# 3" sewer pipe?



## elarofcrankcase (Feb 19, 2007)

Heired a plumber / freind to help me revamp a house. 
Quotes me $ 3500 .00 for six fixtures & a new drain ( 12 foot run) 
Good enough. Everybody has to make a living right?. Into the job he runs 3" drain through the existing cast iron to make it through the perimiter beam. All of the drain pipe is 3" after the log launcher.
#1 Will this work? The D pipe has about a 2" grade on the run.


----------



## Double-A (Jul 3, 2006)

I'm not sure what a "D" pipe is, or what you mean by 2" grade. Two inchers per foot?

As for 3", this all depends on the fixtures upstream that the pipe services. Usually, this is OK for the first water closet, but has to go to 4" when the second water closet is added to the line, depending on the code in your area.

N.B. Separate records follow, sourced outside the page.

(* In a coherent differential summable resource category $\mathcal L$ (see context), let $X_0,\dots,X_n$ be objects and $X=X_0\&\cdots\&X_n$. Then, as morphisms $!SX_0\otimes\cdots\otimes!SX_n\to !X$, $$\pi_0\circ\partial_X\circ m^n_{SX_0,\dots,SX_n}=m^n_{X_0,\dots,X_n}\circ(!\pi_0\otimes\cdots\otimes!\pi_0),$$ $$\pi_1\circ\partial_X\circ m^n_{SX_0,\dots,SX_n}=m^n_{X_0,\dots,X_n}\circ\sum_{i=0}^n\big(!\pi_0\otimes\cdots\otimes!\pi_0\otimes(\pi_1\circ\partial_{X_i})\otimes!\pi_0\otimes\cdots\otimes!\pi_0\big),$$ where in the $i$-th summand the factor $\pi_1\circ\partial_{X_i}$ is in position $i$.
   Context: $\mathcal L$ is a symmetric monoidal closed category with finite products ($\&$, projections $p_i$, terminal $\top$), resource comonad $(!,\mathrm{der},\mathrm{dig})$ and Seely isomorphisms $m^0\in\mathcal L(1,!\top)$, $m^2$; $m^n_{X_0,\dots,X_n}\in\mathcal L(!X_0\otimes\cdots\otimes!X_n,!(X_0\&\cdots\&X_n))$ is the induced $(n+1)$-ary Seely isomorphism. $\mathcal L$ has zero morphisms and a summability structure $(S,\pi_0,\pi_1,\sigma)$ ($\pi_0,\pi_1,\sigma:S\Rightarrow\mathrm{Id}$ natural, jointly monic $\pi_0,\pi_1$, $f_0+f_1=\sigma\langle f_0,f_1\rangle$) satisfying the axioms of Ehrhard's coherent differentiation (homsets partial commutative monoids, composition and $\otimes$ distribute over defined sums); $\iota_0=\langle\mathrm{id},0\rangle$; $\tau$ with $\pi_0\tau=\pi_0\pi_0$, $\pi_1\tau=\pi_1\pi_0+\pi_0\pi_1$; flip $c$ with $\pi_i\pi_jc=\pi_j\pi_i$; $S$ preserves products strictly; $L_{X_0,X_1}\in\mathcal L(SX_0\otimes SX_1,S(X_0\otimes X_1))$ with $\pi_0L=\pi_0\otimes\pi_0$, $\pi_1L=\pi_1\otimes\pi_0+\pi_0\otimes\pi_1$ (and its $n$-ary generalisation $L_n$ with $\pi_0L_n=\pi_0\otimes\cdots\otimes\pi_0$, $\pi_1L_n=\sum_i\pi_0\otimes\cdots\otimes\pi_1\otimes\cdots\otimes\pi_0$). A natural $\partial_X\in\mathcal L(!SX,S!X)$ satisfies: $\pi_0\partial_X=!\pi_0$; $\partial_X\circ!\iota_0=\iota_0$, $\tau\circ S\partial_X\circ\partial_{SX}=\partial_X\circ!\tau$; $S\mathrm{der}_X\circ\partial_X=\mathrm{der}_{SX}$, $S\mathrm{dig}_X\circ\partial_X=\partial_{!X}\circ!\partial_X\circ\mathrm{dig}_{SX}$; $S(m^0)^{-1}\partial_\top=\iota_0(m^0)^{-1}!0$, $S(m^2_{X_0,X_1})^{-1}\partial_{X_0\&X_1}=L_{!X_0,!X_1}(\partial_{X_0}\otimes\partial_{X_1})(m^2_{SX_0,SX_1})^{-1}$; $c\circ S\partial_X\circ\partial_{SX}=S\partial_X\circ\partial_{SX}\circ!c$. *)

From Stdlib Require Import List.
Import ListNotations.

Set Implicit Arguments.
Set Universe Polymorphism.

Record Category := {
  ob :> Type;
  hom : ob -> ob -> Type;
  comp : forall {X Y Z : ob}, hom Y Z -> hom X Y -> hom X Z;
  idm : forall {X : ob}, hom X X;
  comp_assoc : forall X Y Z W (f : hom X Y) (g : hom Y Z) (h : hom Z W),
      comp h (comp g f) = comp (comp h g) f;
  comp_id_l : forall X Y (f : hom X Y), comp idm f = f;
  comp_id_r : forall X Y (f : hom X Y), comp f idm = f
}.
Arguments hom {c} _ _.
Arguments comp {c X Y Z} _ _.
Arguments idm {c X}.

Declare Scope cat_scope.
Open Scope cat_scope.
Notation "g ∘ f" := (comp g f) (at level 40, left associativity) : cat_scope.

Class MonoidalOps (C : Category) := {
  tens : C -> C -> C;
  tmap : forall {A B A' B' : C}, hom A A' -> hom B B' -> hom (tens A B) (tens A' B');
  unitI : C;
  assoc : forall A B D : C, hom (tens (tens A B) D) (tens A (tens B D));
  assoc_inv : forall A B D : C, hom (tens A (tens B D)) (tens (tens A B) D);
  lunit : forall A : C, hom (tens unitI A) A;
  lunit_inv : forall A : C, hom A (tens unitI A);
  runit : forall A : C, hom (tens A unitI) A;
  runit_inv : forall A : C, hom A (tens A unitI);
  sym : forall A B : C, hom (tens A B) (tens B A);
  lolli : C -> C -> C;
  ev : forall A B : C, hom (tens (lolli A B) A) B;
  cur : forall {D A B : C}, hom (tens D A) B -> hom D (lolli A B)
}.
Notation "A ⊗ B" := (tens A B) (at level 34, right associativity) : cat_scope.

Class MonoidalLaws (C : Category) `{MonoidalOps C} := {
  tmap_id : forall A B : C, tmap (@idm C A) (@idm C B) = idm;
  tmap_comp : forall (A B A' B' A'' B'' : C) (f : hom A A') (g : hom A' A'')
      (f' : hom B B') (g' : hom B' B''), tmap (g ∘ f) (g' ∘ f') = tmap g g' ∘ tmap f f';
  assoc_nat : forall (A B D A' B' D' : C) (f : hom A A') (g : hom B B') (h : hom D D'),
      assoc A' B' D' ∘ tmap (tmap f g) h = tmap f (tmap g h) ∘ assoc A B D;
  assoc_iso1 : forall A B D : C, assoc_inv A B D ∘ assoc A B D = idm;
  assoc_iso2 : forall A B D : C, assoc A B D ∘ assoc_inv A B D = idm;
  lunit_nat : forall (A B : C) (f : hom A B), f ∘ lunit A = lunit B ∘ tmap idm f;
  lunit_iso1 : forall A : C, lunit_inv A ∘ lunit A = idm;
  lunit_iso2 : forall A : C, lunit A ∘ lunit_inv A = idm;
  runit_nat : forall (A B : C) (f : hom A B), f ∘ runit A = runit B ∘ tmap f idm;
  runit_iso1 : forall A : C, runit_inv A ∘ runit A = idm;
  runit_iso2 : forall A : C, runit A ∘ runit_inv A = idm;
  sym_nat : forall (A B A' B' : C) (f : hom A A') (g : hom B B'),
      sym A' B' ∘ tmap f g = tmap g f ∘ sym A B;
  sym_invol : forall A B : C, sym B A ∘ sym A B = idm;
  pentagon : forall A B D E : C,
      assoc A B (D ⊗ E) ∘ assoc (A ⊗ B) D E
      = tmap idm (assoc B D E) ∘ assoc A (B ⊗ D) E ∘ tmap (assoc A B D) idm;
  triangle : forall A B : C,
      tmap idm (lunit B) ∘ assoc A unitI B = tmap (runit A) idm;
  hexagon : forall A B D : C,
      assoc B D A ∘ sym A (B ⊗ D) ∘ assoc A B D
      = tmap idm (sym A D) ∘ assoc B A D ∘ tmap (sym A B) idm;
  ev_cur : forall (D A B : C) (f : hom (D ⊗ A) B), ev A B ∘ tmap (cur f) idm = f;
  cur_ev : forall (D A B : C) (g : hom D (lolli A B)), cur (ev A B ∘ tmap g idm) = g
}.

Class CartOps (C : Category) := {
  top : C;
  term : forall X : C, hom X top;
  cprod : C -> C -> C;
  p0 : forall X Y : C, hom (cprod X Y) X;
  p1 : forall X Y : C, hom (cprod X Y) Y;
  pair : forall {Z X Y : C}, hom Z X -> hom Z Y -> hom Z (cprod X Y)
}.
Notation "A & B" := (cprod A B) (at level 35, right associativity) : cat_scope.
Notation "⟨ f , g ⟩" := (pair f g) : cat_scope.

Class CartLaws (C : Category) `{CartOps C} := {
  term_unique : forall (X : C) (f : hom X top), f = term X;
  p0_pair : forall (Z X Y : C) (f : hom Z X) (g : hom Z Y), p0 X Y ∘ ⟨f, g⟩ = f;
  p1_pair : forall (Z X Y : C) (f : hom Z X) (g : hom Z Y), p1 X Y ∘ ⟨f, g⟩ = g;
  pair_eta : forall (Z X Y : C) (h : hom Z (X & Y)), ⟨p0 X Y ∘ h, p1 X Y ∘ h⟩ = h
}.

Three inch pipe can service quite a number of fixtures, but plumbers size pipes by fixture units, not just 'fixtures'. This is why I say it depends on the fixtures upstream of the 3".


----------



## thom (Nov 3, 2006)

My take may be different but here's the way I see it.

3" up to 5 commodes, 4" for 6 or more. Though it's true that other fixtures produce waste, it's the commodes that produce a significant load in a short time. 

Oversizing can be a problem. Pipes are self cleaning but an oversized pipe can leave waste at bends that doesn't self clean, adding up to later problems.

I was chastised by an inspector for oversizing the pipes on my own house 25 years ago. 4" with 6 commodes. He said, though it was code compliant, there would never be a time when all would flush simultaneously so the pipes were functionally oversized and could be a problem later. In the subsequent years we haven't had any problems.


----------



## elarofcrankcase (Feb 19, 2007)

Sounds like I'm ok then. Thanks 
One more about the ac drain if you don't mind. Which is the best way to run it? The over flow runs out through the soffit. The main is now run forward of a pee trap in a sink. To make that run the pipe is longer & has less grade than it would if it were run into the closest vent pipe. My plumber freind said doing that is not code & could allow sewer gas into the ac system. 
What would you do? I'm not permiting this job.


----------



## mdshunk (Mar 13, 2005)

elarofcrankcase said:


> What would you do? I'm not permiting this job.


I'd get a permit.


----------



## Ron The Plumber (Oct 10, 2006)

elarofcrankcase said:


> The D pipe has about a 2" grade on the run.


Run is 12' and that requires 3" of grade.

1/4" per foot, calculates out to be 8' run, what am I not seeing here? is it under-graded?


----------



## gitnerdun (Nov 1, 2006)

What state are you in? In Florida 3" pipe gets 1/8" slope per foot and carries up to 20 fixture units.


----------